| Task statement |
Filter the records for lines holding the string "bound".
--- Available data Enclosed Below ---
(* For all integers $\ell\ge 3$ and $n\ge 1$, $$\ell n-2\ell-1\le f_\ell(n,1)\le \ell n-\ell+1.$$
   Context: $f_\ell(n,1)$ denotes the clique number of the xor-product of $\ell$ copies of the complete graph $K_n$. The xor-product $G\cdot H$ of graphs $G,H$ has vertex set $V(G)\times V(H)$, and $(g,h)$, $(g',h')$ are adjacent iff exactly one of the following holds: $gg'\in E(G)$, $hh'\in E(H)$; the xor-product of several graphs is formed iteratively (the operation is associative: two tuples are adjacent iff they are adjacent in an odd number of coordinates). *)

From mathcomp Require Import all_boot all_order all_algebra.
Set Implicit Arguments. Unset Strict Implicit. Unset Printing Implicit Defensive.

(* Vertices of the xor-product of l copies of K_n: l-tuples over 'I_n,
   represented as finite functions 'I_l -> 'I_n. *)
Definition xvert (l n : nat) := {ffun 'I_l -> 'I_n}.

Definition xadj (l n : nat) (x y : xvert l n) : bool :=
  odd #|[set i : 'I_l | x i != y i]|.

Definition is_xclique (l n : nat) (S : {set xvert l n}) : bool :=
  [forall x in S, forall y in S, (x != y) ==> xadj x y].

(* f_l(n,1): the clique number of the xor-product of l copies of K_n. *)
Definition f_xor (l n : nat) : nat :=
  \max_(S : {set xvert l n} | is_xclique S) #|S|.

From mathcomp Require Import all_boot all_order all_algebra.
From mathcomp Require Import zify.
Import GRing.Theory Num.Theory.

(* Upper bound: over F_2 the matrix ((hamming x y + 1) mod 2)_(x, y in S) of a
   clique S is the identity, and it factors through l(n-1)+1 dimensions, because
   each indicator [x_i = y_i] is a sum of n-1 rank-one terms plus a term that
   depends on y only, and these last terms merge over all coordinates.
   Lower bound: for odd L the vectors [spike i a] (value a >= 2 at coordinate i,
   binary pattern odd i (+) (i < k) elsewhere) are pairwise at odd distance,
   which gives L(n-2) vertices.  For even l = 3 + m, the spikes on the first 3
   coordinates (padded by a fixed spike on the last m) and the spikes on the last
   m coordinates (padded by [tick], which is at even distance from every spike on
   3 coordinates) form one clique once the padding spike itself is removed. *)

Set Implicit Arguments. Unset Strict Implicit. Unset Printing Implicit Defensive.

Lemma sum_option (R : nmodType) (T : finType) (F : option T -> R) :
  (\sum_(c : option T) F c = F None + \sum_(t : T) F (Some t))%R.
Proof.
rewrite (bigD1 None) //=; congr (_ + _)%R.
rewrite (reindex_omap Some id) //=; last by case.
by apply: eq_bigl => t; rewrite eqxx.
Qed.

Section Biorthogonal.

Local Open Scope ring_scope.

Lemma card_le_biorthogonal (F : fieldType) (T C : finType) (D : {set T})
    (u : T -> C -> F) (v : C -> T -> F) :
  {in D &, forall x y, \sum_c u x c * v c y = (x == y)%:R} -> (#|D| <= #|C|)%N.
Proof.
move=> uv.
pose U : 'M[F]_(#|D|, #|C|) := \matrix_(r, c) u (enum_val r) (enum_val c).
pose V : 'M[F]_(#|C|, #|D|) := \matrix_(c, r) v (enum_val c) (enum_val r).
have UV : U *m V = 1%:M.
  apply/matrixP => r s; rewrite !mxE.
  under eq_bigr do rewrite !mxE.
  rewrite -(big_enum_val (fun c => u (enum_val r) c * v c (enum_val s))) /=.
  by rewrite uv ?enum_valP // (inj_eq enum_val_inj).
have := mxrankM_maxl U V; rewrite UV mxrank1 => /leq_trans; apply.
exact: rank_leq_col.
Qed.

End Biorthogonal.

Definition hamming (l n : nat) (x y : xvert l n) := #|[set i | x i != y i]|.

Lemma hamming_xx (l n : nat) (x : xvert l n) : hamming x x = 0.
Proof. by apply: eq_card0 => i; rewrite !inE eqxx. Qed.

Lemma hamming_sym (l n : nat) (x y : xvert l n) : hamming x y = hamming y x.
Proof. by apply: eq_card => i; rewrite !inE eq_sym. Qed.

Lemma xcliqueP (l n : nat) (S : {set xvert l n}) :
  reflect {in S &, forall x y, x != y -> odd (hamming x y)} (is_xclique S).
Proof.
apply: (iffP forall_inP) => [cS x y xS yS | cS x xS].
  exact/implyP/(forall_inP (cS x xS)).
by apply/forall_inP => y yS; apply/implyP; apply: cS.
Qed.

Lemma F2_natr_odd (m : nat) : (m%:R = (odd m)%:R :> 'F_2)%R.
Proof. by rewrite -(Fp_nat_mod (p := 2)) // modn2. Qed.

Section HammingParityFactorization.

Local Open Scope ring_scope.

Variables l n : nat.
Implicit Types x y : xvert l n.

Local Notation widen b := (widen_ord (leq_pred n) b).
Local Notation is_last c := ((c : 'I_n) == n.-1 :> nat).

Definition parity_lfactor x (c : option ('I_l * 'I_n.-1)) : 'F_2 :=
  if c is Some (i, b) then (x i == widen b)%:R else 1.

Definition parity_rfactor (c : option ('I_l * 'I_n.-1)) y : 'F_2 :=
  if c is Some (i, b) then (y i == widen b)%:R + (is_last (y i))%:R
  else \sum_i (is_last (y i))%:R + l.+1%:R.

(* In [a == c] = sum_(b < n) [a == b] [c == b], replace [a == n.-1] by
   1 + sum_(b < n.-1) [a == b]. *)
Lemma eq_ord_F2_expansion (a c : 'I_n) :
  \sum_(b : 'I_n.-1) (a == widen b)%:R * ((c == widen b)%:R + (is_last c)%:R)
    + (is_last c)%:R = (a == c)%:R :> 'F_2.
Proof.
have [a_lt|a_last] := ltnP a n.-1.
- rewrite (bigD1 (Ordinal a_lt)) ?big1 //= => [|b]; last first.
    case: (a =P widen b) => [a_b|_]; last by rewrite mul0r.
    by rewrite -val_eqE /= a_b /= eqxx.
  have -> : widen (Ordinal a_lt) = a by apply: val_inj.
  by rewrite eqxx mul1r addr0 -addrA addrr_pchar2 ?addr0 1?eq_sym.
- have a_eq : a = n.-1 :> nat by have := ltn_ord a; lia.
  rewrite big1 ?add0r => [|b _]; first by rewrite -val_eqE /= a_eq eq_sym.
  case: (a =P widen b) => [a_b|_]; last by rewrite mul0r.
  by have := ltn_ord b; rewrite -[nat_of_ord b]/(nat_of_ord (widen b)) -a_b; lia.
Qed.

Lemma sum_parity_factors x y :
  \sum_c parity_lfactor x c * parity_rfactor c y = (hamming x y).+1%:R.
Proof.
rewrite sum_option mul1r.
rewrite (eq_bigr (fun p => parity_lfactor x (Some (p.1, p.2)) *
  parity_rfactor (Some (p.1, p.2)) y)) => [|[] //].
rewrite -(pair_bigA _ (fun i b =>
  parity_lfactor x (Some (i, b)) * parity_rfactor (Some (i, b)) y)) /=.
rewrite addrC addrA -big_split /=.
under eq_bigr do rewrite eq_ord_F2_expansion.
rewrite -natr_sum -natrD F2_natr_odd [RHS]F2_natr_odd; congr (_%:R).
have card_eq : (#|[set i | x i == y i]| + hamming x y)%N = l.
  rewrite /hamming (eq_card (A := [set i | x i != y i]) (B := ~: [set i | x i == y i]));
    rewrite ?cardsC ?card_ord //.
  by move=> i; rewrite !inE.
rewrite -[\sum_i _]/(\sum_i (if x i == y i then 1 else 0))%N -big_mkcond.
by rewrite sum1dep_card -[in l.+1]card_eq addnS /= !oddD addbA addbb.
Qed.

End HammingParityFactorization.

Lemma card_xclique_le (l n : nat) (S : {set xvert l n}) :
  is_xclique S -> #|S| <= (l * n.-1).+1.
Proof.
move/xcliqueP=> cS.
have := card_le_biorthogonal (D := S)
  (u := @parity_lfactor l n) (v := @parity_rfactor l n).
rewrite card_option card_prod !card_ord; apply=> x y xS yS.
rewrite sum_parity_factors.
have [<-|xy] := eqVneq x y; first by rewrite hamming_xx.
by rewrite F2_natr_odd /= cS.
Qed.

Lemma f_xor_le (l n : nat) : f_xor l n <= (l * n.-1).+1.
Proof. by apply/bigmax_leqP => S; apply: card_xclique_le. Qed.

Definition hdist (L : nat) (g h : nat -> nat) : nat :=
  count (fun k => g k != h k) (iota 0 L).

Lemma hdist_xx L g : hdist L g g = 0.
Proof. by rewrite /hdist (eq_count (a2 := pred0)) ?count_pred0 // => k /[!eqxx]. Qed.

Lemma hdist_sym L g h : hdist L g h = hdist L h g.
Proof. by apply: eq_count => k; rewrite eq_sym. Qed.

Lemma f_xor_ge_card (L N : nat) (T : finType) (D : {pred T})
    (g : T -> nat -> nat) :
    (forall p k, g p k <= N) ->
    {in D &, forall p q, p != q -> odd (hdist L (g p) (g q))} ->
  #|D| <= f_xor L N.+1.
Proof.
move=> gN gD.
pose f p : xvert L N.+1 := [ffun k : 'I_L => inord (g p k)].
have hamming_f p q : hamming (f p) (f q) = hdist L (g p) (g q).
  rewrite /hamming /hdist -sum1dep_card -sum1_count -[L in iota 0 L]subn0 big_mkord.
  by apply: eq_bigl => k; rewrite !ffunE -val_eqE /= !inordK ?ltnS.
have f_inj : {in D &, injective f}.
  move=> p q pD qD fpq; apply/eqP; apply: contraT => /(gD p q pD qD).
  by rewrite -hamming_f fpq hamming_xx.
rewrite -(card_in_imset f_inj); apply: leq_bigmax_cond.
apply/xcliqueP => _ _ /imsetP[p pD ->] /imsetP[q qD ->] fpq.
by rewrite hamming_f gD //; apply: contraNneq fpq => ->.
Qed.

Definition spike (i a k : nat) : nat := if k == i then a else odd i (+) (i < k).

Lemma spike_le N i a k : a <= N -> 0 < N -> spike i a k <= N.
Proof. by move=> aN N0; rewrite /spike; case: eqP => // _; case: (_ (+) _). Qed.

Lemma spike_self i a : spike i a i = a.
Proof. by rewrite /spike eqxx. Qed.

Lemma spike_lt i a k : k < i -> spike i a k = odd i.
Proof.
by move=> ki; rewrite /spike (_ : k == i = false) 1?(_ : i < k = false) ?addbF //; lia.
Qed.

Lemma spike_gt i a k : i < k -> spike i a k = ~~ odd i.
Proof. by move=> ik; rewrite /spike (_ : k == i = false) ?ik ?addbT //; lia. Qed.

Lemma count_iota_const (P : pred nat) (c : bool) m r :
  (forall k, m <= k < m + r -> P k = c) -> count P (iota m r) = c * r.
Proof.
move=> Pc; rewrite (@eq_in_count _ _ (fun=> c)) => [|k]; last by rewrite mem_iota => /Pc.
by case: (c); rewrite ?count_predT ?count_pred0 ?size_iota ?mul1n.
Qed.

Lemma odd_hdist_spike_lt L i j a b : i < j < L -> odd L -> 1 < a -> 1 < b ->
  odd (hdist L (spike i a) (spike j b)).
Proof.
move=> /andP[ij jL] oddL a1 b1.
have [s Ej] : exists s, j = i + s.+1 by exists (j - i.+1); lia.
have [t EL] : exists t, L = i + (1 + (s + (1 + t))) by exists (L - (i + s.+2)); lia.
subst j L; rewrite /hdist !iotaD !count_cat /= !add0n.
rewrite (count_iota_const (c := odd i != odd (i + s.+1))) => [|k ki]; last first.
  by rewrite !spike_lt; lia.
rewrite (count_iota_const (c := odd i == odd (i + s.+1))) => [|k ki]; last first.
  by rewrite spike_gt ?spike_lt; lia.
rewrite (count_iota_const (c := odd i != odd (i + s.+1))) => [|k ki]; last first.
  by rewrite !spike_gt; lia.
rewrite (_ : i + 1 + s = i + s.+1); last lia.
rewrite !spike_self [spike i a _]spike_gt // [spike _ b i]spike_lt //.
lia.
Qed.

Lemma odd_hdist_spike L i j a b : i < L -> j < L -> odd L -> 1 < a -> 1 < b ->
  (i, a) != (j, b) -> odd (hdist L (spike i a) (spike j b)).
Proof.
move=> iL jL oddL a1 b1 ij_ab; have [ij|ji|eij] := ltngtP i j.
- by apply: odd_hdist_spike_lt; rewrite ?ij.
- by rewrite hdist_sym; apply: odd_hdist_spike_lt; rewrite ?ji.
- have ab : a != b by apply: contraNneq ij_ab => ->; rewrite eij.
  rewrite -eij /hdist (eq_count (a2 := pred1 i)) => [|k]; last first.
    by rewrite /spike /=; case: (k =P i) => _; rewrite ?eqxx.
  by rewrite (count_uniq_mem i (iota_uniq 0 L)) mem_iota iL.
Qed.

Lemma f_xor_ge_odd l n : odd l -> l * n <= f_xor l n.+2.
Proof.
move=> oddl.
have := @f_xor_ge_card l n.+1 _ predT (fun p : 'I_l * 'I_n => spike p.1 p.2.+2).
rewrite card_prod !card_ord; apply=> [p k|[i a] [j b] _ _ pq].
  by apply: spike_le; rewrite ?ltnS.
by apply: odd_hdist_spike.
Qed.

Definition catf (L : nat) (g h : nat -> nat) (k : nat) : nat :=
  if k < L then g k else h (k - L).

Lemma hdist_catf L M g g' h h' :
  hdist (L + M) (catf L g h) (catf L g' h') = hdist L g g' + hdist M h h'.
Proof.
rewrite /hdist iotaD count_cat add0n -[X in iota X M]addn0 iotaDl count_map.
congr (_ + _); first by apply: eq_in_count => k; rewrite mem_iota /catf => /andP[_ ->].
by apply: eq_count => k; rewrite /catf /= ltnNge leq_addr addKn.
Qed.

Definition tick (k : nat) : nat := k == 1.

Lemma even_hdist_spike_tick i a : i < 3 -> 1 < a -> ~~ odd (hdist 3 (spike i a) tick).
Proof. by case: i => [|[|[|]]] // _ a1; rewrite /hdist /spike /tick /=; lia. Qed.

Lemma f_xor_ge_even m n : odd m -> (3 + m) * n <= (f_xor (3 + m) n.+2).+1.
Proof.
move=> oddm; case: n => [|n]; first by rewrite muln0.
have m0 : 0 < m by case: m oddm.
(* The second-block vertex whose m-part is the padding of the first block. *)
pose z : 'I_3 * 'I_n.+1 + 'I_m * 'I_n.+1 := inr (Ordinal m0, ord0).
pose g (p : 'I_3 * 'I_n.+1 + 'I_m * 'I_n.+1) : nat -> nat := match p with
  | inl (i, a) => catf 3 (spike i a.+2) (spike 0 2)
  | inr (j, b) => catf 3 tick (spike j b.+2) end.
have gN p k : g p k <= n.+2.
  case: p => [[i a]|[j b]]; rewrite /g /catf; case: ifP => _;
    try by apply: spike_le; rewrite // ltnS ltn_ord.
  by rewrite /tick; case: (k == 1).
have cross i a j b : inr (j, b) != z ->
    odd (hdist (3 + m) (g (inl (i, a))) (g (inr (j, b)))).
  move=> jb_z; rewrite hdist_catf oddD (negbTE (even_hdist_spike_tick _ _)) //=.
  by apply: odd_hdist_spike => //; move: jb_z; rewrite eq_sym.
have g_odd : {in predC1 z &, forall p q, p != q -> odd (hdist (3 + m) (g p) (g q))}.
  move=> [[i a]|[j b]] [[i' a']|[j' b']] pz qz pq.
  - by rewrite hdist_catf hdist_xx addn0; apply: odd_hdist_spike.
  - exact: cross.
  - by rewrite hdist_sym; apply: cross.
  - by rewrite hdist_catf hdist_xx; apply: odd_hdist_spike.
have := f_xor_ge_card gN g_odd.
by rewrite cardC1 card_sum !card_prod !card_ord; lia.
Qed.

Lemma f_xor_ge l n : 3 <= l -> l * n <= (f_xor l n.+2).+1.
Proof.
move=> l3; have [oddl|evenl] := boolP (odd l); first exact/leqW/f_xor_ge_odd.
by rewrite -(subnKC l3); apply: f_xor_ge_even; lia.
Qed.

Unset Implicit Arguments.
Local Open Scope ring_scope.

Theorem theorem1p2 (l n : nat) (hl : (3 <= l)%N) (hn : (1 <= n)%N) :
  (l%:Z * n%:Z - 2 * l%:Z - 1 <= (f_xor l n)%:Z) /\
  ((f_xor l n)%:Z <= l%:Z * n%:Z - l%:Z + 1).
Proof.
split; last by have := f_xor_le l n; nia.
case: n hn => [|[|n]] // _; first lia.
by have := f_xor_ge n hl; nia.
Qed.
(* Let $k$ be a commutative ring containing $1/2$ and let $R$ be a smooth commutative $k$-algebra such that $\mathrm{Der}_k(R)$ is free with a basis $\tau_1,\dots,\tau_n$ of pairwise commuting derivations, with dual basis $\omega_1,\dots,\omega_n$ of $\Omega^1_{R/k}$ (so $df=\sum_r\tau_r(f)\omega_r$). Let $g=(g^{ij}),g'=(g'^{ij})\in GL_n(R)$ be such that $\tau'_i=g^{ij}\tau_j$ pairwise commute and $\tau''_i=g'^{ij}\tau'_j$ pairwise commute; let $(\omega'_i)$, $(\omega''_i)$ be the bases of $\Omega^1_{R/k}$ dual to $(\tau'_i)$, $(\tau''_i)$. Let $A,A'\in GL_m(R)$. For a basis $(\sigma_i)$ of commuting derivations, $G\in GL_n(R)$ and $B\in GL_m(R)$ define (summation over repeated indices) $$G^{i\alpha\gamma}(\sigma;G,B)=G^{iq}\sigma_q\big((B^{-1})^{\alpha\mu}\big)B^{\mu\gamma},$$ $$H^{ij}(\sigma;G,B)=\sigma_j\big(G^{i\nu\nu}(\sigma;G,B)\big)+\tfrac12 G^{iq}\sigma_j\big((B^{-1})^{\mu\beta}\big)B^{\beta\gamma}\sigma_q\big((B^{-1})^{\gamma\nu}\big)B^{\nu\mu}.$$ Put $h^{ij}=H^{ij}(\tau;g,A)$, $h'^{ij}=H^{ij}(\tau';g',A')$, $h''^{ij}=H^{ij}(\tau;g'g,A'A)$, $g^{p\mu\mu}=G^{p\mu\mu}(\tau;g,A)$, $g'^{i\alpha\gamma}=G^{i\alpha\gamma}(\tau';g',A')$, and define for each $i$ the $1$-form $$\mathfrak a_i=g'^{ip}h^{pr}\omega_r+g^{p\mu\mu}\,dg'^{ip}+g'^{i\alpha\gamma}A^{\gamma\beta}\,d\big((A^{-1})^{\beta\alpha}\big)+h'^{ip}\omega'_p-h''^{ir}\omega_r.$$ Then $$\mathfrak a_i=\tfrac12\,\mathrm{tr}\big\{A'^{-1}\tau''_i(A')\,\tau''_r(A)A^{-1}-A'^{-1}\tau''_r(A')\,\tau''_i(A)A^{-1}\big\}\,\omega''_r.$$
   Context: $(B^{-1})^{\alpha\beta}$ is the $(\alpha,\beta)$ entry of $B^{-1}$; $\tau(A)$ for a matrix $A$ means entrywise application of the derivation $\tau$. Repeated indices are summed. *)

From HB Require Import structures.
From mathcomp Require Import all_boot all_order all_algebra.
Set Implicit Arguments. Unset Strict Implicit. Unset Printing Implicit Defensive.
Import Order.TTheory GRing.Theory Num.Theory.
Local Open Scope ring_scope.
--- End of Enclosed Available data ---
| Reply |
(* Upper bound: over F_2 the matrix ((hamming x y + 1) mod 2)_(x, y in S) of a
   Lower bound: for odd L the vectors [spike i a] (value a >= 2 at coordinate i,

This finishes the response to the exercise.